[Opening Dataset records section]

Lemma enorm_wsum_le (I : finType) (c : I -> R) (F : I -> 'cV[R]_k) :
  (forall j, 0 <= c j) ->
  enorm (\sum_(j : I) c j *: F j) <= \sum_(j : I) c j * enorm (F j).
Proof.
move=> c_ge0; apply: le_trans (enorm_sum_le _ _) _.
by apply: ler_sum => j _; rewrite enormZ ger0_norm.
Qed.

Lemma pospart_enorm_le u : enorm (pospart u) ^+ 2 <= enorm u ^+ 2.
Proof.
rewrite !enorm_sqr; apply: ler_sum => l _; rewrite !mxE -!expr2.
by case: (leP (u l 0) 0) => // _; rewrite expr0n sqr_ge0.
Qed.

Lemma dual_step_le (eta : R) u w g : 0 <= eta <= 1 ->
  - eta * dotv g u
  <= 1 / 2 * (enorm w ^+ 2 - enorm (pospart ((1 - eta) *: w + eta *: g)) ^+ 2)
     + eta ^+ 2 * enorm g ^+ 2 + eta * (enorm g * enorm (u - w)).
Proof.
move=> /andP[eta_ge0 eta_le1].
have := pospart_enorm_le ((1 - eta) *: w + eta *: g).
rewrite [X in _ <= X]enorm_sqr dotv_comb -!enorm_sqr (dotvC w g) => proj_le.
have cross : 0 <= enorm g ^+ 2 + 2 * dotv g w + enorm w ^+ 2.
  by have := dotv_ge0 (1 *: g + 1 *: w); rewrite dotv_comb !enorm_sqr; lra.
have /ler_normlP[cs _] := cauchy_schwarz g (u - w).
rewrite dotvBr in cs.
have eta_cs : 0 <= eta * (enorm g * enorm (u - w) + dotv g u - dotv g w).
  by apply: mulr_ge0 => //; lra.
have eta_cross : 0 <= eta ^+ 2 * (enorm g ^+ 2 + 2 * dotv g w + enorm w ^+ 2).
  by rewrite mulr_ge0 ?sqr_ge0.
have eta_w : 0 <= eta * (1 - eta) * enorm w ^+ 2.
  by rewrite !mulr_ge0 ?subr_ge0 ?enorm_ge0.
nra.
Qed.

End Euclidean.

Lemma weighted_sqr_mean_le {R : realType} (I : finType) (c r : I -> R) :
  (forall j, 0 <= c j) -> \sum_j c j = 1 ->
  (\sum_j c j * r j) ^+ 2 <= \sum_j c j * r j ^+ 2.
Proof.
move=> c_ge0 c_sum1; set m := \sum_j c j * r j.
have : 0 <= \sum_j c j * (r j - m) ^+ 2.
  by apply: sumr_ge0 => j _; rewrite mulr_ge0 ?sqr_ge0.
have -> : \sum_j c j * (r j - m) ^+ 2
          = \sum_j (c j * r j ^+ 2 - 2 * m * (c j * r j) + m ^+ 2 * c j).
  by apply: eq_bigr => j _; ring.
rewrite big_split sumrB /= -!mulr_sumr -/m c_sum1; lra.
Qed.

Section DoublyStochasticMixing.
Context {R : realType} {n h : nat} {a : 'I_n -> 'I_n -> R}.
Hypothesis a_ge0 : forall i j, 0 <= a i j.
Hypothesis a_row_sum1 : forall i, \sum_j a i j = 1.
Hypothesis a_col_sum1 : forall j, \sum_i a i j = 1.
Implicit Types y g : 'I_n -> 'cV[R]_h.

Lemma sum_mixE (r : 'I_n -> R) : \sum_i \sum_j a i j * r j = \sum_j r j.
Proof.
by rewrite exchange_big; apply: eq_bigr => j _; rewrite -mulr_suml a_col_sum1 mul1r.
Qed.

Lemma mix_sqr_enorm_le y :
  \sum_i enorm (\sum_j a i j *: y j) ^+ 2 <= \sum_i enorm (y i) ^+ 2.
Proof.
rewrite -[leRHS]sum_mixE; apply: ler_sum => i _.
apply: le_trans (weighted_sqr_mean_le _ _ (fun j => enorm (y j)) (a_ge0 i) (a_row_sum1 i)).
rewrite lerXn2r ?nnegrE ?enorm_ge0 ?enorm_wsum_le //.
by apply: sumr_ge0 => j _; rewrite mulr_ge0 ?enorm_ge0.
Qed.

Lemma mix_dev_enorm_le y c :
  \sum_i enorm (\sum_j a i j *: y j - c) <= \sum_i enorm (y i - c).
Proof.
rewrite -[leRHS]sum_mixE; apply: ler_sum => i _.
have -> : \sum_j a i j *: y j - c = \sum_j a i j *: (y j - c).
  by rewrite (eq_bigr _ (fun j _ => scalerBr _ _ _)) sumrB -scaler_suml a_row_sum1 scale1r.
exact: enorm_wsum_le.
Qed.

Lemma dual_update_le (eta kappa : R) y g c :
  0 <= eta <= 1 -> 0 <= kappa -> (forall i, enorm (g i) <= kappa) ->
  - eta * (\sum_i dotv (g i) (y i))
  <= 1 / 2 * (\sum_i (enorm (y i) ^+ 2
        - enorm (pospart ((1 - eta) *: (\sum_j a i j *: y j) + eta *: g i)) ^+ 2))
     + eta ^+ 2 * (n%:R * kappa ^+ 2) + 2 * eta * kappa * (\sum_i enorm (y i - c)).
Proof.
move=> eta01 kappa_ge0 g_le; have /andP[eta_ge0 _] := eta01.
pose w i := \sum_j a i j *: y j.
have step_sum : - eta * (\sum_i dotv (g i) (y i))
    <= 1 / 2 * (\sum_i (enorm (w i) ^+ 2
          - enorm (pospart ((1 - eta) *: w i + eta *: g i)) ^+ 2))
       + eta ^+ 2 * \sum_i enorm (g i) ^+ 2
       + eta * \sum_i enorm (g i) * enorm (y i - w i).
  rewrite !mulr_sumr -!big_split; apply: ler_sum => i _.
  exact: dual_step_le.
have g_sqr_le : \sum_i enorm (g i) ^+ 2 <= n%:R * kappa ^+ 2.
  apply: le_trans (_ : \sum_(i < n) kappa ^+ 2 <= _).
    by apply: ler_sum => i _; rewrite lerXn2r ?nnegrE ?enorm_ge0.
  by rewrite sumr_const card_ord mulr_natl.
have dev_le : \sum_i enorm (g i) * enorm (y i - w i)
              <= 2 * kappa * \sum_i enorm (y i - c).
  apply: le_trans (_ : \sum_i kappa * (enorm (y i - c) + enorm (w i - c)) <= _).
    apply: ler_sum => i _; apply: ler_pM; rewrite ?enorm_ge0 ?g_le //.
    have -> : y i - w i = (y i - c) - (w i - c) by rewrite opprB addrA subrK.
    exact: enormB.
  rewrite -mulr_sumr big_split /=.
  by have := ler_wpM2l kappa_ge0 (mix_dev_enorm_le y c); rewrite /w; lra.
have := mix_sqr_enorm_le y.
have := ler_wpM2l (sqr_ge0 eta) g_sqr_le.
have := ler_wpM2l eta_ge0 dev_le.
rewrite !sumrB /w in step_sum *; lra.
Qed.

End DoublyStochasticMixing.

Theorem lemma6 (R : realType) (n m h : nat) (n_ge2 : (2 <= n)%N)
  (* network *)
  (gam : R) (U : nat) (E : nat -> rel 'I_n) (a : nat -> 'I_n -> 'I_n -> R)
  (Hnet : network_assumptions gam U E a)
  (* problem data *)
  (Om : set 'cV[R]_m)
  (f : nat -> 'I_n -> 'cV[R]_m -> 'cV[R]_m -> R^o)
  (Gf : nat -> 'I_n -> 'cV[R]_m -> 'cV[R]_m -> 'cV[R]_m)
  (g : nat -> 'I_n -> 'cV[R]_m -> 'cV[R]_h)
  (Gg : nat -> 'I_n -> 'cV[R]_m -> 'M[R]_(m, h))
  (kap kap1 kap2 kap3 : R)
  (HOm_convex : convex_set Om)
  (* Assumption 2 (i) *)
  (Hf_convex : forall t i x, Om x -> convex_on Om (f t i x))
  (Hf_grad : forall t i x, Om x -> gradient_on Om (f t i x) (Gf t i x))
  (Hg_convex : forall t i (k : 'I_h), convex_on Om (fun z => g t i z k 0))
  (Hg_grad : forall t i (k : 'I_h),
      gradient_on Om (fun z => (g t i z k 0 : R^o)) (fun z => col k (Gg t i z)))
  (* Assumption 2 (ii) *)
  (HX_nonempty : forall t, exists x, Om x /\ nonpos_vec (\sum_(i < n) g t i x))
  (HOm_compact : compact Om)
  (HOm_bound : forall x, Om x -> enorm x <= kap)
  (* Assumption 2 (iii) *)
  (Hkap1 : forall t i x y, Om x -> Om y -> enorm (Gf t i x y) <= kap1)
  (Hkap2 : forall t i x, Om x -> enorm (g t i x) <= kap2)
  (Hkap3 : forall t i (k : 'I_h) x, Om x -> enorm (col k (Gg t i x)) <= kap3)
  (* mirror map *)
  (mu : R) (phi : 'cV[R]_m -> R^o) (Gphi : 'cV[R]_m -> 'cV[R]_m)
  (Hphi : strongly_convex mu phi Gphi)
  (* step sizes *)
  (zeta eta : nat -> R)
  (Hzeta : forall t, 0 < zeta t <= 1) (Heta : forall t, 0 < eta t <= 1)
  (Hzeta_noninc : forall t, zeta t.+1 <= zeta t)
  (Heta_noninc : forall t, eta t.+1 <= eta t)
  (Hzeta_eta : forall t, zeta t <= eta t)
  (* the algorithm's iterates *)
  (x : 'I_n -> nat -> 'cV[R]_m) (y : 'I_n -> nat -> 'cV[R]_h)
  (Hx0 : forall i, Om (x i 0%N)) (Hy0 : forall i, y i 0%N = 0)
  (Hx_step : forall i t,
      let z := \sum_(j < n) a t i j *: x j t in
      let obj := fun w => bregman phi Gphi w z
        + dotv (zeta t *: Gf t i (x i t) (x i t) + eta t *: (Gg t i (x i t) *m y i t)) w in
      Om (x i t.+1) /\ forall w, Om w -> obj (x i t.+1) <= obj w)
  (Hy_step : forall i t,
      y i t.+1 = pospart ((1 - eta t) *: (\sum_(j < n) a t i j *: y j t)
                          + eta t *: g t i (x i t)))
  (T t : nat) (Ht : (1 <= t <= T)%N) :
  let ybar := avg (fun i => y i t) in
  - eta t * (\sum_(i < n) dotv (g t i (x i t)) (y i t))
  <= 1 / 2 * (\sum_(i < n) (enorm (y i t) ^+ 2 - enorm (y i t.+1) ^+ 2))
     + eta t ^+ 2 * (n%:R * kap2 ^+ 2 + n%:R ^+ 2 * kap2 ^+ 2)
     + 9 / 2 * (\sum_(i < n) enorm (y i t - ybar) ^+ 2)
     + 2 * eta t * (kap2 + Num.sqrt n%:R * kap2) * (\sum_(i < n) enorm (y i t - ybar)).
Proof.
cbv zeta; set ybar := avg _.
case: Hnet => gam_gt0 [a_ge_gam [a_off [_ [_ [_ [a_row_sum1 a_col_sum1]]]]]].
have a_ge0 i j : 0 <= a t i j.
  have [/a_ge_gam/andP[+ _]|/a_off->//] := boolP (E t j i).
  exact/le_trans/ltW.
have x_in_Om i : Om (x i t) by case: (t) => [|s]; [exact: Hx0 | case: (Hx_step i s)].
have kap2_ge0 : 0 <= kap2.
  exact: le_trans (enorm_ge0 _) (Hkap2 t (Ordinal n_ge2) _ (x_in_Om (Ordinal n_ge2))).
have /andP[eta_gt0 eta_le1] := Heta t.
have eta01 : 0 <= eta t <= 1 by rewrite ltW.
under [X in 1 / 2 * X]eq_bigr => i _ do rewrite Hy_step.
have := dual_update_le a_ge0 (a_row_sum1 t) (a_col_sum1 t) _ _ (y^~ t) _ ybar
  eta01 kap2_ge0 (fun i => Hkap2 t i _ (x_in_Om i)).
have dev_ge0 : 0 <= \sum_i enorm (y i t - ybar) by apply: sumr_ge0 => i _; apply: enorm_ge0.
have dev_sqr_ge0 : 0 <= \sum_i enorm (y i t - ybar) ^+ 2 by apply: sumr_ge0 => i _; apply: sqr_ge0.
have sqrt_term_ge0 : 0 <= eta t * Num.sqrt n%:R * kap2 * \sum_i enorm (y i t - ybar).
  by rewrite !mulr_ge0 ?sqrtr_ge0 // ltW.
have := sqr_ge0 (eta t * n%:R * kap2).
lra.
Qed.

[Closing Dataset records section]

Requirement
Send back the lines of the records word for word, from the very first through the line containing "rewrite !enorm_sqr; apply: ler_sum".

Solution to this task
Lemma enorm_wsum_le (I : finType) (c : I -> R) (F : I -> 'cV[R]_k) :
  (forall j, 0 <= c j) ->
  enorm (\sum_(j : I) c j *: F j) <= \sum_(j : I) c j * enorm (F j).
Proof.
move=> c_ge0; apply: le_trans (enorm_sum_le _ _) _.
by apply: ler_sum => j _; rewrite enormZ ger0_norm.
Qed.

Lemma pospart_enorm_le u : enorm (pospart u) ^+ 2 <= enorm u ^+ 2.
Proof.
rewrite !enorm_sqr; apply: ler_sum => l _; rewrite !mxE -!expr2.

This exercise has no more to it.